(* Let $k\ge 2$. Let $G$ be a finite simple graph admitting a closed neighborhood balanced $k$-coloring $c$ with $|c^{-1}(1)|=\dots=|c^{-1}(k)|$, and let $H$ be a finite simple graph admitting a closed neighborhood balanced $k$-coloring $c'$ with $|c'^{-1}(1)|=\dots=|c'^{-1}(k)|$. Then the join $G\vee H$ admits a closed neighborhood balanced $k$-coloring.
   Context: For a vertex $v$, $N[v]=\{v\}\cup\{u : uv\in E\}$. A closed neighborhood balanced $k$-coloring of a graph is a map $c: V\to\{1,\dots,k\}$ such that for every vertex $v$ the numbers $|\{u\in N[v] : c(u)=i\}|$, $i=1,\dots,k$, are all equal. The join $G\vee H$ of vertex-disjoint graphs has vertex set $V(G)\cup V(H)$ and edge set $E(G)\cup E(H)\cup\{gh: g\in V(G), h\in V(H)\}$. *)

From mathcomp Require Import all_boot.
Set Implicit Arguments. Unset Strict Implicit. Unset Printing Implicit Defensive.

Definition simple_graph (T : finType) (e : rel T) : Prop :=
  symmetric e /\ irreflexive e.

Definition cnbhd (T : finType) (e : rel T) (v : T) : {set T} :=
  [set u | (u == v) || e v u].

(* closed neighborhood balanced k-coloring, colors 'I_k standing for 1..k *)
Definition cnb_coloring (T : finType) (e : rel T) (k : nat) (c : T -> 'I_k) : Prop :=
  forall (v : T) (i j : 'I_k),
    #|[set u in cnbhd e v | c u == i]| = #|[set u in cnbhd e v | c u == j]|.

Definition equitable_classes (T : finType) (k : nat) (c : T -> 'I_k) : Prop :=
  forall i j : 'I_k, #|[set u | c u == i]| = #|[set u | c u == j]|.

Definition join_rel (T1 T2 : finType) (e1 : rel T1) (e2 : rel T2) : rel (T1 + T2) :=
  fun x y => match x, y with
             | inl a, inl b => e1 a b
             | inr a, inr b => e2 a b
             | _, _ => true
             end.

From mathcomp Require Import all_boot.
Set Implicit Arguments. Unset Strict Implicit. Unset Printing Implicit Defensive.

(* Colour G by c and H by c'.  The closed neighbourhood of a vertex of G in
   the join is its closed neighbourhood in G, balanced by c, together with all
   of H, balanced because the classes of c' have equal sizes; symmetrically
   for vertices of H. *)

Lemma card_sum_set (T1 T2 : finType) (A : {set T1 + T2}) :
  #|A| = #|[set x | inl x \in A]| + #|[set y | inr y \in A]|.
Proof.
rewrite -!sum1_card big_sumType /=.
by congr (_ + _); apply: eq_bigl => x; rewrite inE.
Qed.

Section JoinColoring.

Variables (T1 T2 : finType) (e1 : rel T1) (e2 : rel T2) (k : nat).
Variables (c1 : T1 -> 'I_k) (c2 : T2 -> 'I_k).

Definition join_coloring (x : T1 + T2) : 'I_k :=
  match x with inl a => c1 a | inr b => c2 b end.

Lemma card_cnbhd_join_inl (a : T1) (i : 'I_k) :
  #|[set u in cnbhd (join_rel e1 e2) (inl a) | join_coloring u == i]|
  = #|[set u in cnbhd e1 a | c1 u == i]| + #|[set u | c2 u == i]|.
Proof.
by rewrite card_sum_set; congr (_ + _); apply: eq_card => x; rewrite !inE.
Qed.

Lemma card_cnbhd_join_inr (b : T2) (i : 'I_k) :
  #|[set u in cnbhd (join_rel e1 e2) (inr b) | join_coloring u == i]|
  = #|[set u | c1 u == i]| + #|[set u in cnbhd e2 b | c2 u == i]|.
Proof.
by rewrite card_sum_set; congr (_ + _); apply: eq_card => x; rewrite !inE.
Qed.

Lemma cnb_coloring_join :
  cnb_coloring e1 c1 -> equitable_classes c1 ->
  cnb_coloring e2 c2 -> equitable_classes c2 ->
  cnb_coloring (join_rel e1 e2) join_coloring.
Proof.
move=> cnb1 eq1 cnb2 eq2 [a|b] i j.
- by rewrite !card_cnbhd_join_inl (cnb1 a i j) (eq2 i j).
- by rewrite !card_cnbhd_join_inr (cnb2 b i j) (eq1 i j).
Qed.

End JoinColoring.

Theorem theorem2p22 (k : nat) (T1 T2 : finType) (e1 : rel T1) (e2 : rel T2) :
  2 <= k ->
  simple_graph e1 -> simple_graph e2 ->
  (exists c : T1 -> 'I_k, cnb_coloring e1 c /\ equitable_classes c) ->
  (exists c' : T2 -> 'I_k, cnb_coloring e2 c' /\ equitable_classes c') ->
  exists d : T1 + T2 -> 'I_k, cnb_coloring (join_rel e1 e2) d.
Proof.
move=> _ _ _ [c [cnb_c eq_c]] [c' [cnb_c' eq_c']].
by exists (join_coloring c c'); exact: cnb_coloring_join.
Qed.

**TASK INSTRUCTIONS:** Every line of the material must be given again exactly.

**SOLVED PROBLEM:**
(* Let $k\ge 2$. Let $G$ be a finite simple graph admitting a closed neighborhood balanced $k$-coloring $c$ with $|c^{-1}(1)|=\dots=|c^{-1}(k)|$, and let $H$ be a finite simple graph admitting a closed neighborhood balanced $k$-coloring $c'$ with $|c'^{-1}(1)|=\dots=|c'^{-1}(k)|$. Then the join $G\vee H$ admits a closed neighborhood balanced $k$-coloring.
   Context: For a vertex $v$, $N[v]=\{v\}\cup\{u : uv\in E\}$. A closed neighborhood balanced $k$-coloring of a graph is a map $c: V\to\{1,\dots,k\}$ such that for every vertex $v$ the numbers $|\{u\in N[v] : c(u)=i\}|$, $i=1,\dots,k$, are all equal. The join $G\vee H$ of vertex-disjoint graphs has vertex set $V(G)\cup V(H)$ and edge set $E(G)\cup E(H)\cup\{gh: g\in V(G), h\in V(H)\}$. *)

From mathcomp Require Import all_boot.
Set Implicit Arguments. Unset Strict Implicit. Unset Printing Implicit Defensive.

Definition simple_graph (T : finType) (e : rel T) : Prop :=
  symmetric e /\ irreflexive e.

Definition cnbhd (T : finType) (e : rel T) (v : T) : {set T} :=
  [set u | (u == v) || e v u].

(* closed neighborhood balanced k-coloring, colors 'I_k standing for 1..k *)
Definition cnb_coloring (T : finType) (e : rel T) (k : nat) (c : T -> 'I_k) : Prop :=
  forall (v : T) (i j : 'I_k),
    #|[set u in cnbhd e v | c u == i]| = #|[set u in cnbhd e v | c u == j]|.

Definition equitable_classes (T : finType) (k : nat) (c : T -> 'I_k) : Prop :=
  forall i j : 'I_k, #|[set u | c u == i]| = #|[set u | c u == j]|.

Definition join_rel (T1 T2 : finType) (e1 : rel T1) (e2 : rel T2) : rel (T1 + T2) :=
  fun x y => match x, y with
             | inl a, inl b => e1 a b
             | inr a, inr b => e2 a b
             | _, _ => true
             end.

From mathcomp Require Import all_boot.
Set Implicit Arguments. Unset Strict Implicit. Unset Printing Implicit Defensive.

(* Colour G by c and H by c'.  The closed neighbourhood of a vertex of G in
   the join is its closed neighbourhood in G, balanced by c, together with all
   of H, balanced because the classes of c' have equal sizes; symmetrically
   for vertices of H. *)

Lemma card_sum_set (T1 T2 : finType) (A : {set T1 + T2}) :
  #|A| = #|[set x | inl x \in A]| + #|[set y | inr y \in A]|.
Proof.
rewrite -!sum1_card big_sumType /=.
by congr (_ + _); apply: eq_bigl => x; rewrite inE.
Qed.

Section JoinColoring.

Variables (T1 T2 : finType) (e1 : rel T1) (e2 : rel T2) (k : nat).
Variables (c1 : T1 -> 'I_k) (c2 : T2 -> 'I_k).

Definition join_coloring (x : T1 + T2) : 'I_k :=
  match x with inl a => c1 a | inr b => c2 b end.

Lemma card_cnbhd_join_inl (a : T1) (i : 'I_k) :
  #|[set u in cnbhd (join_rel e1 e2) (inl a) | join_coloring u == i]|
  = #|[set u in cnbhd e1 a | c1 u == i]| + #|[set u | c2 u == i]|.
Proof.
by rewrite card_sum_set; congr (_ + _); apply: eq_card => x; rewrite !inE.
Qed.

Lemma card_cnbhd_join_inr (b : T2) (i : 'I_k) :
  #|[set u in cnbhd (join_rel e1 e2) (inr b) | join_coloring u == i]|
  = #|[set u | c1 u == i]| + #|[set u in cnbhd e2 b | c2 u == i]|.
Proof.
by rewrite card_sum_set; congr (_ + _); apply: eq_card => x; rewrite !inE.
Qed.

Lemma cnb_coloring_join :
  cnb_coloring e1 c1 -> equitable_classes c1 ->
  cnb_coloring e2 c2 -> equitable_classes c2 ->
  cnb_coloring (join_rel e1 e2) join_coloring.
Proof.
move=> cnb1 eq1 cnb2 eq2 [a|b] i j.
- by rewrite !card_cnbhd_join_inl (cnb1 a i j) (eq2 i j).
- by rewrite !card_cnbhd_join_inr (cnb2 b i j) (eq1 i j).
Qed.

End JoinColoring.

Theorem theorem2p22 (k : nat) (T1 T2 : finType) (e1 : rel T1) (e2 : rel T2) :
  2 <= k ->
  simple_graph e1 -> simple_graph e2 ->
  (exists c : T1 -> 'I_k, cnb_coloring e1 c /\ equitable_classes c) ->
  (exists c' : T2 -> 'I_k, cnb_coloring e2 c' /\ equitable_classes c') ->
  exists d : T1 + T2 -> 'I_k, cnb_coloring (join_rel e1 e2) d.
Proof.
move=> _ _ _ [c [cnb_c eq_c]] [c' [cnb_c' eq_c']].
by exists (join_coloring c c'); exact: cnb_coloring_join.
Qed.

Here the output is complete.